親が多額の借金を残して亡くなり、子どもたちが全員相続放棄をすると、相続権は自動的に次の順位(祖父母・兄弟姉妹)へと移っていきます。この「連鎖」を知らずにいると、疎遠な親族に突然借金の督促状が届くという事態が起こり得ます。
相続放棄をすると次の順位に移る仕組み
相続放棄をした人は「最初から相続人でなかった」ものとして扱われます。第1順位(子・代襲相続人)が全員相続放棄すると、相続権は第2順位(父母等の直系尊属)に移ります。第2順位も全員放棄・死亡していれば、第3順位(兄弟姉妹、その代襲相続人である甥・姪)に移ります。この一連の流れが「連鎖」です。
注意点として、子が相続放棄をしても、その子(被相続人の孫)に相続権が移ることはありません。

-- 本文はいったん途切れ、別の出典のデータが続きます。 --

Lemma lin_on_ann t : t * a = 0 -> t *: f a = 0.
Proof. by move=> ta; rewrite -lin_onZ ta lin_on0. Qed.
End LinOn.

Section KilledByAnn.
Variables (M : lmodType S) (a : S) (m : M).
Hypothesis m_ann : forall t, t * a = 0 -> t *: m = 0.

Lemma pcoef_self_scale : pcoef a a *: m = m.
Proof.
apply/eqP; rewrite -subr_eq0 -{2}[m]scale1r -scalerBl m_ann //.
by have := pcoef_unique a 1; rewrite mul1r.
Qed.

Lemma lin_on_pcoef : lin_on a (fun y => pcoef a y *: m).
Proof.
move=> r x y /pcoefK ex /pcoefK ey; rewrite -{1}ex -{1}ey mulrA -mulrDl.
rewrite scalerA -scalerDl; apply/eqP; rewrite -subr_eq0 -scalerBl m_ann //.
exact: pcoef_unique.
Qed.
End KilledByAnn.

Lemma bilin_on_pcoef (N P : lmodType S) a (phi : N -> P) :
  is_lin phi -> (forall t n, t * a = 0 -> t *: phi n = 0) ->
  bilin_on a (fun n y => pcoef a y *: phi n).
Proof.
move=> phil phi_ann; split=> [y _ r n n'|n].
  by rewrite phil scalerDr !scalerA mulrC.
by apply: lin_on_pcoef => t /phi_ann.
Qed.

Lemma bilin_on_sum (N P : lmodType S) a (b : N -> S -> P) (s : seq (N * S)) :
  bilin_on a b -> (forall p, p \in s -> principal a p.2) ->
  \sum_(p <- s) b p.1 p.2 = b (\sum_(p <- s) pcoef a p.2 *: p.1) a.
Proof.
move=> [bl1 bl2]; have bal := bl1 a (principal_self a).
elim: s => [|p s IHs] s_pr; first by rewrite !big_nil (is_lin0 bal).
rewrite !big_cons IHs => [|q sq]; last by apply: s_pr; rewrite inE sq orbT.
rewrite (is_linD bal) (is_linZ bal) -(lin_onZ (bl2 p.1)) pcoefK //.
by apply: s_pr; rewrite inE eqxx.
Qed.
End PrincipalIdeals.

Section PrincipalModules.
Variable S : comPzRingType.
Implicit Types a e r t : S.

Definition ann_gen a e : Prop := e * a = 0 /\ forall r, r * a = 0 -> r = r * e.

Definition pure_ann a : Prop :=
  forall r, r * a = 0 -> exists2 s, s * a = 0 & r = r * s.

Definition ann a : {pred S^o} := [pred t : S | t * a == 0].

Lemma ann_submod a : submod_closed (ann a).
Proof.
split=> [|r x y]; rewrite !inE ?mul0r // => /eqP xa /eqP ya.
by rewrite mulrDl -mulrA xa ya mulr0 addr0.
Qed.

(* Lift the isomorphism aS ~ S/ann(a) along the projection S -> S/ann(a). *)
Lemma projective_principal_ann_gen a :
  projective_principal a -> exists e, ann_gen a e.
Proof.
move=> proj; pose g := modpi (ann_submod a).
have g_ann t : t * a = 0 -> t *: g 1 = 0.
  move=> ta; rewrite -(is_linZ (modpi_is_lin _)) modpi_eq0 inE.
  by rewrite -[_ *: _]/(t * 1) mulr1 ta.
have [h [hl gh]] := proj _ _ g _ (modpi_is_lin _)
  (fun q => ex_intro _ _ (modpiK q)) (lin_on_pcoef g_ann).
have ha : h a * a = a.
  move: (gh a (principal_self a)); rewrite -(is_linZ (modpi_is_lin _)) => /modpi_eq.
  rewrite inE -[_ *: _]/(pcoef a a * 1) mulr1 mulrBl subr_eq0 => /eqP ->.
  exact: pcoefK (principal_self a).
exists (1 - h a); split=> [|r ra]; first by rewrite mulrBl mul1r ha subrr.
by rewrite mulrBr mulr1 -[r * h a]/(r *: (h a : S^o)) (lin_on_ann hl ra) subr0.
Qed.

Lemma ann_gen_projective_principal a e : ann_gen a e -> projective_principal a.
Proof.
move=> [ea ann_e] M N g f gl g_surj fl; have [n0 gn0] := g_surj (f a).
have e'_ann t : t * a = 0 -> t *: ((1 - e) *: n0) = 0.
  by move=> /ann_e te; rewrite scalerA mulrBr mulr1 -te subrr scale0r.
exists (fun y => pcoef a y *: ((1 - e) *: n0)); split; first exact: lin_on_pcoef.
move=> y /pcoefK {2}<-; rewrite scalerA !(is_linZ gl) gn0 -lin_onZ //.
by rewrite -mulrA mulrBl mul1r ea subr0.
Qed.

Lemma projective_principalP a : projective_principal a <-> exists e, ann_gen a e.
Proof.
split; first exact: projective_principal_ann_gen.
by case=> e; apply: ann_gen_projective_principal.
Qed.

Definition annD r a : {pred S^o} :=
  [pred t : S | `[< exists2 p, p * r = 0 & (t - p) * a = 0 >]].

Lemma annD_submod r a : submod_closed (annD r a).
Proof.
split=> [|c x y]; first by apply/asboolP; exists 0; rewrite ?mul0r // subr0 mul0r.
move=> /asboolP[p pr xa] /asboolP[q qr ya]; apply/asboolP.
exists (c * p + q); first by rewrite mulrDl -mulrA pr qr mulr0 addr0.
rewrite -[c *: x]/(c * x) opprD addrACA -mulrBr mulrDl -mulrA xa ya.
by rewrite mulr0 addr0.
Qed.

(* S/ann(r) embeds in S by t |-> t r, and r (x) a = 1 (x) r a = 0 in S (x) aS.
   Flatness pulls this back to [1] (x) a = 0 in S/ann(r) (x) aS, which maps to
   S/(ann(r) + ann(a)); hence 1 = p + q with p r = 0 and q a = 0. *)
Lemma flat_principal_pure_ann a : flat_principal a -> pure_ann a.
Proof.
move=> flat r ra.
pose phi (t : S^o) : S^o := t * r.
have phil : is_lin phi.
  by move=> c x y; rewrite /phi mulrDl -[c *: x]/(c * x) -mulrA.
have phi_ann t : phi t = 0 <-> t \in ann r by rewrite inE; split=> /eqP.
have phiK : {in ann r, forall t, phi t = 0} by move=> t /phi_ann.
have tz : tensor_zero a [:: (modpi (ann_submod r) 1, a)].
  apply: (flat _ _ _ (modquot_lift_is_lin _ phil phiK)).
  - exact: (modquot_lift_inj _ phil phiK (fun t => (phi_ann t).1)).
  - by move=> p; rewrite inE => /eqP ->; apply: principal_self.
  move=> P b [bl1 bl2]; rewrite big_seq1 /= (modquot_liftE _ phil phiK).
  rewrite /phi mul1r -[r]mulr1 -[r * 1]/(r *: (1 : S^o)).
  by rewrite (is_linZ (bl1 a (principal_self a))) (lin_on_ann (bl2 1)).
pose J := annD_submod r a.
have rJ : {in ann r, forall t, modpi J t = 0}.
  by move=> t /eqP tr; apply/modpi_eq0/asboolP; exists t; rewrite ?subrr ?mul0r.
have J_ann t x : t * a = 0 -> t *: modpi J x = 0.
  move=> ta; rewrite -(is_linZ (modpi_is_lin J)) modpi_eq0; apply/asboolP.
  by exists 0; rewrite ?mul0r // subr0 -[_ *: _]/(t * x) mulrAC ta mul0r.
have psi_lin := modquot_lift_is_lin (ann_submod r) (modpi_is_lin J) rJ.
have := tz _ _ (bilin_on_pcoef psi_lin (fun t q => J_ann t (repr q))).
rewrite big_seq1 /= (modquot_liftE _ (modpi_is_lin J) rJ).
rewrite (pcoef_self_scale (J_ann^~ 1)).
move=> /modpi_eq0 /asboolP[p pr pa]; exists (1 - p) => //.
by rewrite mulrBr mulr1 mulrC pr subr0.
Qed.

(* When ann(a) is pure, this is the submodule ann(a) N. *)
Definition ann_fixed (N : lmodType S) a : {pred N} :=
  [pred n | `[< exists2 s, s * a = 0 & s *: n = n >]].

Lemma ann_fixed_submod (N : lmodType S) a : submod_closed (@ann_fixed N a).
Proof.
split=> [|c x y]; first by apply/asboolP; exists 0; rewrite ?mul0r ?scaler0.
move=> /asboolP[s sa sx] /asboolP[u ua uy]; apply/asboolP.
exists (s + u - u * s).
  by rewrite mulrBl !mulrDl sa ua -mulrA sa mulr0 !addr0 subr0.
have fix_by t v (n : N) : v *: n = n -> (t + v - v * t) *: n = n.
  by move=> vn; rewrite scalerBl scalerDl mulrC -scalerA vn addrAC subrr add0r.
rewrite scalerDr (fix_by s u y) // scalerA mulrC -scalerA.
by rewrite [s + u]addrC [u * s]mulrC fix_by.
Qed.
Lemma msg_sum_eq_of_agree (A : {set 'I_N}) (w w' : msgs F K L) q :
  #|A| = Nr -> 0 < pQ q -> (forall n, n \in A -> psi n w q = psi n w' q) ->
  msg_sum w = msg_sum w'.
Proof.
move=> A_card pQq_gt0 wA; have [dec [dec_local dec_ok]] := decodable A_card.
rewrite -!(dec_ok _ q) //; apply: dec_local => n nA; rewrite !ffunE; exact: wA.
Qed.

Lemma card_holders_ge k : (g <= #|holders k|)%N.
Proof.
(* Otherwise some N_r servers hold no copy of [k] and cannot tell [0] from [e_k]. *)
rewrite leqNgt; apply/negP => holders_lt.
have : (Nr <= #|~: holders k|)%N.
  by have := cardsC (holders k); rewrite card_ord; lia.
case/exists_subset_card => A /subsetP A_sub A_card.
have [q pQq_gt0] := is_distribution_support pQ_dist.
pose one := const_mx 1 : 'rV[F]_L.
have agree n : n \in A -> psi n 0 q = psi n (upd_msg 0 k one) q.
  move/A_sub; rewrite !inE => k_notin_Zn; apply: psi_local => k' k'_Zn.
  by rewrite upd_msgE; case: eqP k'_Zn => // ->; rewrite (negbTE k_notin_Zn).
have := msg_sum_eq_of_agree A_card pQq_gt0 agree.
rewrite msg_sum_upd -{1}[msg_sum 0]addr0 => /addrI.
move/(congr1 (fun v : 'rV[F]_L => v 0 (Ordinal L_gt0))).
by rewrite !mxE ffunE mxE subr0 => /eqP; rewrite eq_sym oner_eq0.
Qed.

Lemma sum_card_holders : (\sum_k #|holders k| = \sum_n #|Z n|)%N.
Proof.
rewrite (eq_bigr (fun k => \sum_n (k \in Z n : nat))%N) => [|k _]; last first.
  rewrite -sum1_card [LHS]big_mkcond; apply: eq_bigr => n _.
  by rewrite inE; case: (k \in Z n).
rewrite exchange_big; apply: eq_bigr => n _; rewrite -sum1_card [RHS]big_mkcond.
by apply: eq_bigr => k _; case: (k \in Z n).
Qed.
(* Let $H$ be a subgroup of Thompson's group $F$. Assume that for every pair of finite binary words $u$ and $v$, each of which contains both digits $0$ and $1$, there is an element $h\in H$ with the pair of branches $u\rightarrow v$. Then $\mathrm{Cl}(H)$ contains the derived subgroup $[F,F]$.
   Context: Thompson's group $F$ is the group of all piecewise linear homeomorphisms of $[0,1]$ with finitely many breakpoints, all breakpoints dyadic fractions and all slopes integer powers of $2$. For a finite binary word $u$, let $[u]$ denote the dyadic interval $[.u,\,.u111\ldots]$ (numbers whose binary expansion begins with $u$). An element $h\in F$ has the pair of branches $u\rightarrow v$ if $h$ maps $[u]$ linearly onto $[v]$, i.e. $h(.u\alpha)=.v\alpha$ for every infinite binary word $\alpha$. For $H\le F$, the closure $\mathrm{Cl}(H)$ is the subgroup of $F$ consisting of all piecewise-$H$ functions: those $f\in F$ for which there is a finite subdivision of $[0,1]$ into intervals such that on each interval $f$ coincides with some element of $H$. *)

From Stdlib Require Import Reals ZArith List.
Open Scope R_scope.

(* Maps R -> R; elements of F are extended by the identity outside [0,1]. *)
Definition fn := R -> R.

Definition dyadic (x : R) : Prop :=
  exists (a : Z) (k : nat), x = IZR a / 2 ^ k.

(* Thompson's group F: piecewise linear homeomorphisms of [0,1] with finitely
   many dyadic breakpoints and slopes integer powers of 2.  A finite subdivision
   0 = p 0 < p 1 < ... < p n = 1 by dyadic points, on each piece f is affine
   with slope 2^(m i); together with f 0 = 0, f 1 = 1 this makes f an
   increasing PL homeomorphism of [0,1]. *)
Definition inF (f : fn) : Prop :=
  (forall x, (x < 0 \/ 1 < x) -> f x = x) /\ f 0 = 0 /\ f 1 = 1 /\
  exists (n : nat) (p : nat -> R) (m : nat -> Z) (b : nat -> R),
    p 0%nat = 0 /\ p n = 1 /\
    (forall i, (i < n)%nat -> p i < p (S i) /\ dyadic (p i)) /\
    (forall i, (i < n)%nat -> forall x, p i <= x <= p (S i) ->
        f x = powerRZ 2 (m i) * x + b i).

Definition is_inv (g f : fn) : Prop := forall x, g (f x) = x /\ f (g x) = x.
Lemma matching_size_bound (s : R) (a m u v c k : nat) :
  INR m <= (INR a + 1) * s -> (6 * (a + 1) * c <= 4 * m)%nat ->
  s <= INR u -> s <= INR v -> (minn u v < c + k)%nat -> s / 3 <= INR k.
Proof.
move=> m_le c_small u_big v_big uv_lt.
have /INR_leP : (minn u v <= c + k)%nat by apply: ltnW.
rewrite plus_INR => uv_le.
have min_big : s <= INR (minn u v) by rewrite /minn; case: ifP.
have /INR_leP := c_small.
rewrite !mult_INR plus_INR (INR_IZR_INZ 6) (INR_IZR_INZ 4) (INR_IZR_INZ 1) /= => c_le.
have a_pos := pos_INR a.
have : (INR a + 1) * (6 * INR c) <= (INR a + 1) * (4 * s) by nra.
move/Rmult_le_reg_l => /(_ ltac:(lra)); lra.
Qed.
End RealBounds.

Theorem theorem1 :
  exists m0 : nat, forall m : nat, (m0 <= m)%N ->
    exists (n : nat) (S : 'I_m -> {set 'I_n}) (p : 'I_m -> 'I_n -> 'I_n)
           (r : 'I_m -> 'I_n),
      pseudoexpander S p r /\
      forall i : 'I_m,
        (INR (pseudodegree S p r i) <= Rpower (INR m) (10 / 49))%R.
Proof.
exists (5000 ^ 1000) => m m_big.
have [a [a_big a_pow a_le a_gt]] := @exists_floor_root 5000 m 1000 isT m_big.
have m_gt0 : (0 < m)%N by apply: leq_trans m_big; rewrite expn_gt0.
have a_sq : (a * a <= m)%N.
  by rewrite mulnn; apply: leq_trans a_pow; apply: leq_pexp2l; [lia | exact: isT].
have [E [G [t [[E_sym E_irr E_total] [E_deg E_links G_small]]]]] :=
  exists_sparse_expander a_big a_sq.
have INR1000 : INR 1000 = 1000%R by rewrite INR_IZR_INZ.
exists #|{: vertex m}|, (forest_set E), (@forest_parent m), (@forest_root m); split.
  split; first exact: forest_binary_tree_based.
  split; first exact: forest_roots_distinct.
  split=> [i v /forest_leaf_depth depth | U V UV U_big V_big].
    exists 2; split; first exact: depth.
    by have := log2_nonneg m_gt0; rewrite (INR_IZR_INZ 3) /=; lra.
  have [M [/matching_betweenP M_matching M_big]] :=
    exists_large_matching (forest_links E_sym E_irr E_total E_links) UV.
  exists M; split; first exact: M_matching.
  apply: matching_size_bound G_small U_big V_big M_big.
  by apply: (card_le_succ_mul_Rpower m_gt0 _ a_gt); rewrite INR1000; lra.
move=> i; rewrite (forest_pseudodegree E_sym E_irr E_total).
apply: Rle_trans (INR_leP (E_deg i)) (expn_le_Rpower m_gt0 a_le _).
by rewrite INR1000 (INR_IZR_INZ 5) /=; lra.
Qed.
Lemma circ_adj_rot p q o a b : a < p -> b < p ->
  circ_adj p q ((a + o) %% p) ((b + o) %% p) = circ_adj p q a b.
Proof.
move=> lt_ap lt_bp; rewrite -(modnDmr a) -(modnDmr b).
have : o %% p < p by rewrite ltn_mod; lia.
move: (o %% p) => o' lt_o'p.
rewrite !modn_double /circ_adj /ndist; try lia.
by do 2!case: ifP => ?; apply/idP/idP => /andP [? ?]; apply/andP; split; lia.
Qed.

Lemma modnD_surj p o c : c < p -> exists2 s, s < p & c = (s + o) %% p.
Proof.
move=> lt_cp; have le_op : o %% p <= p by rewrite ltnW // ltn_mod; lia.
exists ((c + (p - o %% p)) %% p); first by rewrite ltn_mod; lia.
rewrite modnDml {2}(divn_eq o p).
have -> : c + (p - o %% p) + (o %/ p * p + o %% p) = o %/ p * p + c + p by lia.
by rewrite modnDr modnMDl modn_small.
Qed.

Lemma circ_adj_interval p q a b c : 0 < q -> a <= b ->
  (forall j, a <= j <= b -> circ_adj p q c j) -> (c + q <= a) || (b + q <= c).
Proof.
move=> q_gt0 le_ab adj_c.
have [le_ca|lt_ac] := leqP c a.
  by have := adj_c a; rewrite leqnn le_ab /circ_adj /ndist => /(_ isT); lia.
have [le_bc|lt_cb] := leqP b c.
  by have := adj_c b; rewrite leqnn le_ab /circ_adj /ndist => /(_ isT); lia.
by have := adj_c c; rewrite /circ_adj /ndist maxnn minnn subnn => /(_ _); lia.
Qed.

Lemma in_mod_interval_shift p a b d e : d <= e -> e < p ->
  b %% p = (a + e) %% p -> in_mod_interval p a b ((a + d) %% p).
Proof.
move=> le_de lt_ep b_mod.
have offset x : x < p -> ((a + x) %% p + p - a %% p) %% p = x.
  move=> lt_xp; have le_ap : a %% p <= p by rewrite ltnW // ltn_mod; lia.
  rewrite -addnBA // modnDml {1}(divn_eq a p).
  have -> : a %/ p * p + a %% p + x + (p - a %% p) = a %/ p * p + x + p by lia.
  by rewrite modnDr modnMDl modn_small.
by rewrite /in_mod_interval b_mod !offset //; lia.
Qed.

Definition ungamma (q r c : nat) : nat := (c - r) %/ q.

Lemma gammaK q r : 0 < q -> cancel (gamma q r) (ungamma q r).
Proof.
move=> q_gt0 [|i]; first by rewrite /ungamma /gamma sub0n div0n.
by rewrite /ungamma /gamma /= addnK mulnK.
Qed.

Lemma ungamma_lt q r k c : 0 < q -> 0 < k -> c < k * q + r -> ungamma q r c < k.
Proof.
move=> q_gt0 k_gt0 lt_c.
by rewrite /ungamma ltn_divLR //; lia.
Qed.

Lemma ungamma_gap q r m n : 0 < q -> r <= m -> m + q <= n ->
  ungamma q r m < ungamma q r n.
Proof.
move=> q_gt0 le_rm le_mn; rewrite /ungamma.
have -> : n - r = (n - r - q) + q by lia.
rewrite divnDr ?dvdnn // divnn q_gt0 addn1 ltnS leq_div2r //; lia.
Qed.

Section Gadget.
Variables (p q r t : nat) (V : finType) (e : rel V).
Hypotheses (q_gt0 : 0 < q) (le_4q_p : 4 * q <= p).

Lemma p_gt0 : 0 < p. Proof. lia. Qed.

Definition gv (v : V) : Gvert e p t := inl (inl v).
Definition yv (j : nat) : Gvert e p t := inl (inr (Ordinal (ltn_pmod j p_gt0))).
Definition xv a b (ab : e a b) (i : nat) : Gvert e p t :=
  inr (exist (fun x : V * V * 'I_t.+1 => e x.1.1 x.1.2) (a, b, inord i) ab).

Lemma yv_ord (j : 'I_p) : yv j = inl (inr j).
Proof. by congr (inl (inr _)); apply: val_inj; rewrite /= modn_small. Qed.

Lemma adj_edge u v : e u v -> Gadj q (gv u) (gv v).
Proof. by move=> uv; apply/orP; left. Qed.

Lemma adj_path_start a b (ab : e a b) : Gadj q (gv a) (xv ab 0).
Proof. by apply/orP; right; rewrite /= inordK //= eqxx. Qed.

Lemma adj_path_finish a b (ab : e a b) : Gadj q (xv ab t) (gv b).
Proof. by apply/orP; left; rewrite /= inordK // !eqxx orbT. Qed.

Lemma adj_path_next a b (ab : e a b) i : i < t -> Gadj q (xv ab i) (xv ab i.+1).
Proof. by move=> lt_it; apply/orP; left; rewrite /= !inordK ?eqxx //; lia. Qed.

Lemma adj_path_end_clique a b (ab : e a b) i j : (i == 0) || (i == t) ->
  3 * q - 1 <= j <= p - q - 1 -> Gadj q (xv ab i) (yv j).
Proof.
move=> end_i j_in; apply/orP; left.
rewrite /= inordK; last by case/orP: end_i => /eqP ->.
rewrite end_i (_ : j = 3 * q - 1 + (j - (3 * q - 1))); last lia.
by apply: (in_mod_interval_shift (e := p - 4 * q)); try congr (_ %% _); lia.
Qed.

Lemma adj_path_inner_clique a b (ab : e a b) i j : 0 < i < t ->
  3 * q - 1 <= j <= p - q -> Gadj q (xv ab i) (yv (j + i * q)).
Proof.
move=> i_in j_in; apply/orP; left.
rewrite /= inordK; last lia.
have -> : (i == 0) || (i == t) = false by lia.
have le_q_iq : q <= i * q by rewrite leq_pmull; lia.
rewrite (_ : j + i * q = (i + 3) * q - 1 + (j - (3 * q - 1))); last by rewrite mulnDl; lia.
apply: (in_mod_interval_shift (e := p + 1 - 4 * q)); try lia.
by rewrite -(modnDr ((i - 1) * q) p); congr (_ %% _); rewrite mulnBl mulnDl; lia.
Qed.

Definition fixes_clique (c : Gvert e p t -> nat) : Prop :=
  forall j : 'I_p, c (inl (inr j)) = j.

Lemma fixes_clique_yv c j : fixes_clique c -> c (yv j) = j %% p.
Proof. by move=> fix_c; rewrite fix_c. Qed.

Lemma fixes_clique_step (c c' : Gvert e p t -> nat) :
  fixes_clique c -> pq_colouring p q (@Gadj V e p q t) c' ->
  (forall w w', c w <> c' w -> c w' <> c' w' -> w = w') -> fixes_clique c'.
Proof.
move=> fix_c [c'_lt c'_adj] one_change j0.
have [//|moved] := eqVneq (c' (inl (inr j0))) j0.
have fix_yv j : yv j <> yv j0 -> c' (yv j) = j %% p.
  move=> ne_j; have [//|moved_j] := eqVneq (c' (yv j)) (j %% p).
  case: ne_j; apply: one_change.
    by rewrite fixes_clique_yv // => E; rewrite E eqxx in moved_j.
  by rewrite yv_ord fix_c => E; rewrite E eqxx in moved.
have [s lt_sp c'_j0] := modnD_surj j0 (c'_lt (inl (inr j0))).
suff : (s + q <= q) || (p - q + q <= s).
  by rewrite c'_j0 => s0; rewrite (_ : s = 0) ?add0n ?modn_small //; lia.
apply: (circ_adj_interval (p := p)) => [//||j j_in]; first lia.
have lt_jp : j < p by lia.
have adj_j0 : circ_adj p q j0 ((j + j0) %% p).
  rewrite {1}(_ : (j0 : nat) = (0 + j0) %% p); last by rewrite add0n modn_small.
  by rewrite circ_adj_rot // /circ_adj /ndist; lia.
have ne_j : yv (j + j0) <> yv j0.
  move/(congr1 c); rewrite !fixes_clique_yv // (modn_small (ltn_ord j0)) => E.
  by move: adj_j0; rewrite E /circ_adj /ndist maxnn minnn subnn; lia.
have : circ_adj p q (c' (inl (inr j0))) (c' (yv (j + j0))).
  by apply: c'_adj; apply/orP; left; exact: adj_j0.
by rewrite (fix_yv _ ne_j) c'_j0 circ_adj_rot.
Qed.

Variable phi : Gvert e p t -> nat.
Hypotheses (phi_pq : pq_colouring p q (@Gadj V e p q t) phi)
  (phi_clique : fixes_clique phi).

Lemma phi_adj u w : Gadj q u w -> circ_adj p q (phi u) (phi w).
Proof. exact: phi_pq.2. Qed.

Lemma path_end_colour a b (ab : e a b) i : (i == 0) || (i == t) ->
  (phi (xv ab i) < 2 * q) || (phi (xv ab i) == p - 1).
Proof.
move=> end_i; have := phi_pq.1 (xv ab i).
suff : (phi (xv ab i) + q <= 3 * q - 1) || (p - q - 1 + q <= phi (xv ab i)) by lia.
apply: (circ_adj_interval (p := p)) => [//||j j_in]; first lia.
by have := phi_adj (adj_path_end_clique ab end_i j_in); rewrite fixes_clique_yv // modn_small //; lia.
Qed.

Lemma path_inner_colour a b (ab : e a b) i : 0 < i < t ->
  exists2 s, s < 2 * q & phi (xv ab i) = (s + i * q) %% p.
Proof.
move=> i_in; have [s lt_sp phi_x] := modnD_surj (i * q) (phi_pq.1 (xv ab i)).
exists s => //.
suff : (s + q <= 3 * q - 1) || (p - q + q <= s) by lia.
apply: (circ_adj_interval (p := p)) => [//||j j_in]; first lia.
have := phi_adj (adj_path_inner_clique ab i_in j_in).
by rewrite fixes_clique_yv // phi_x circ_adj_rot //; lia.
Qed.

Hypothesis lt_rq : r < q.

Lemma path_colour_chain u v (uv : e u v) : phi (gv u) < r ->
  forall i, i < t -> exists2 s, phi (gv u) + q <= s < 2 * q & phi (xv uv i) = (s + i * q) %% p.
Proof.
move=> lt_ur; elim=> [_|i IH lt_i1t].
  have x0_lt := phi_pq.1 (xv uv 0).
  exists (phi (xv uv 0)); last by rewrite mul0n addn0 modn_small.
  have := phi_adj (adj_path_start uv); have := path_end_colour uv (i := 0) isT.
  by rewrite /circ_adj /ndist; lia.
have [s s_in phi_xi] := IH (ltnW lt_i1t).
have i1_in : 0 < i.+1 < t by lia.
have [s' lt_s'2q phi_xi1] := path_inner_colour uv i1_in.
exists s' => //.
have := phi_adj (adj_path_next uv (ltnW lt_i1t)).
by rewrite phi_xi phi_xi1 mulSn addnA circ_adj_rot /circ_adj /ndist; lia.
Qed.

代襲相続は「相続人が先に死亡していた場合」に生じる制度で、相続放棄の場合には適用されないためです。
具体例:子→親→兄弟姉妹への連鎖
- 被相続人(父)に借金があり、配偶者と子2人が全員相続放棄
- 相続権は第2順位の父母(被相続人の親)に移る
- 父母も既に死亡、または相続放棄すれば、第3順位の兄弟姉妹に移る
- 兄弟姉妹が既に死亡していれば、その子(甥・姪)が代襲相続人となる
- 兄弟姉妹(代襲相続人を含む)も全員相続放棄すれば「相続人不存在」となる
次順位の相続人の熟慮期間はいつから始まるか
相続放棄の熟慮期間(3ヶ月)は「自己のために相続の開始があったことを知った時」から進行します。第2順位以降の人にとっては、先順位の相続人全員が相続放棄したことを知った時点が起算点です。疎遠な親族の場合、債権者からの督促状で初めてその事実を知ることも多く、その場合は督促状を受け取った日が起算日になります。督促状を受け取ったら、日付をメモし、書面を保管しておくことが重要です。
連鎖を放置するリスク
先順位の相続人が相続放棄をしたことを次順位の親族に伝えないと、次のようなトラブルが起こり得ます。
- 知らないうちに自分が相続人になっており、督促状で初めて借金の存在を知る
- 気づかないまま熟慮期間が過ぎ、対応が遅れる(ただし起算日は「知った時」のため、実際には放棄の余地が残ることが多い)
- 相続財産(不要な空き家等)の管理義務を巡る混乱
借金を理由に相続放棄をする場合は、次順位の親族にも事前に連絡し、必要であれば同じ専門家にまとめて依頼して連鎖的に手続きを進めるのが望ましいとされています。
全員が相続放棄した場合(相続人不存在)
配偶者・第1〜第3順位の全員が相続放棄すると、法律上「相続人不存在」となります。この場合、利害関係人(債権者等)や検察官の申立てにより、家庭裁判所が「相続財産清算人」を選任し、財産の管理・清算(債権者への弁済等)を行います。残った財産があれば、特別縁故者への分与を経て、最終的に国庫に帰属します。
実務のポイント
相続放棄は個人の判断で進められますが、借金を理由とする放棄は、次順位の親族にも影響が及ぶ「連鎖」を伴います。放棄を検討する段階で、親族間の情報共有を早めに行い、可能であれば専門家に一括して相談することで、疎遠な親族が突然の督促に困惑する事態を防げます。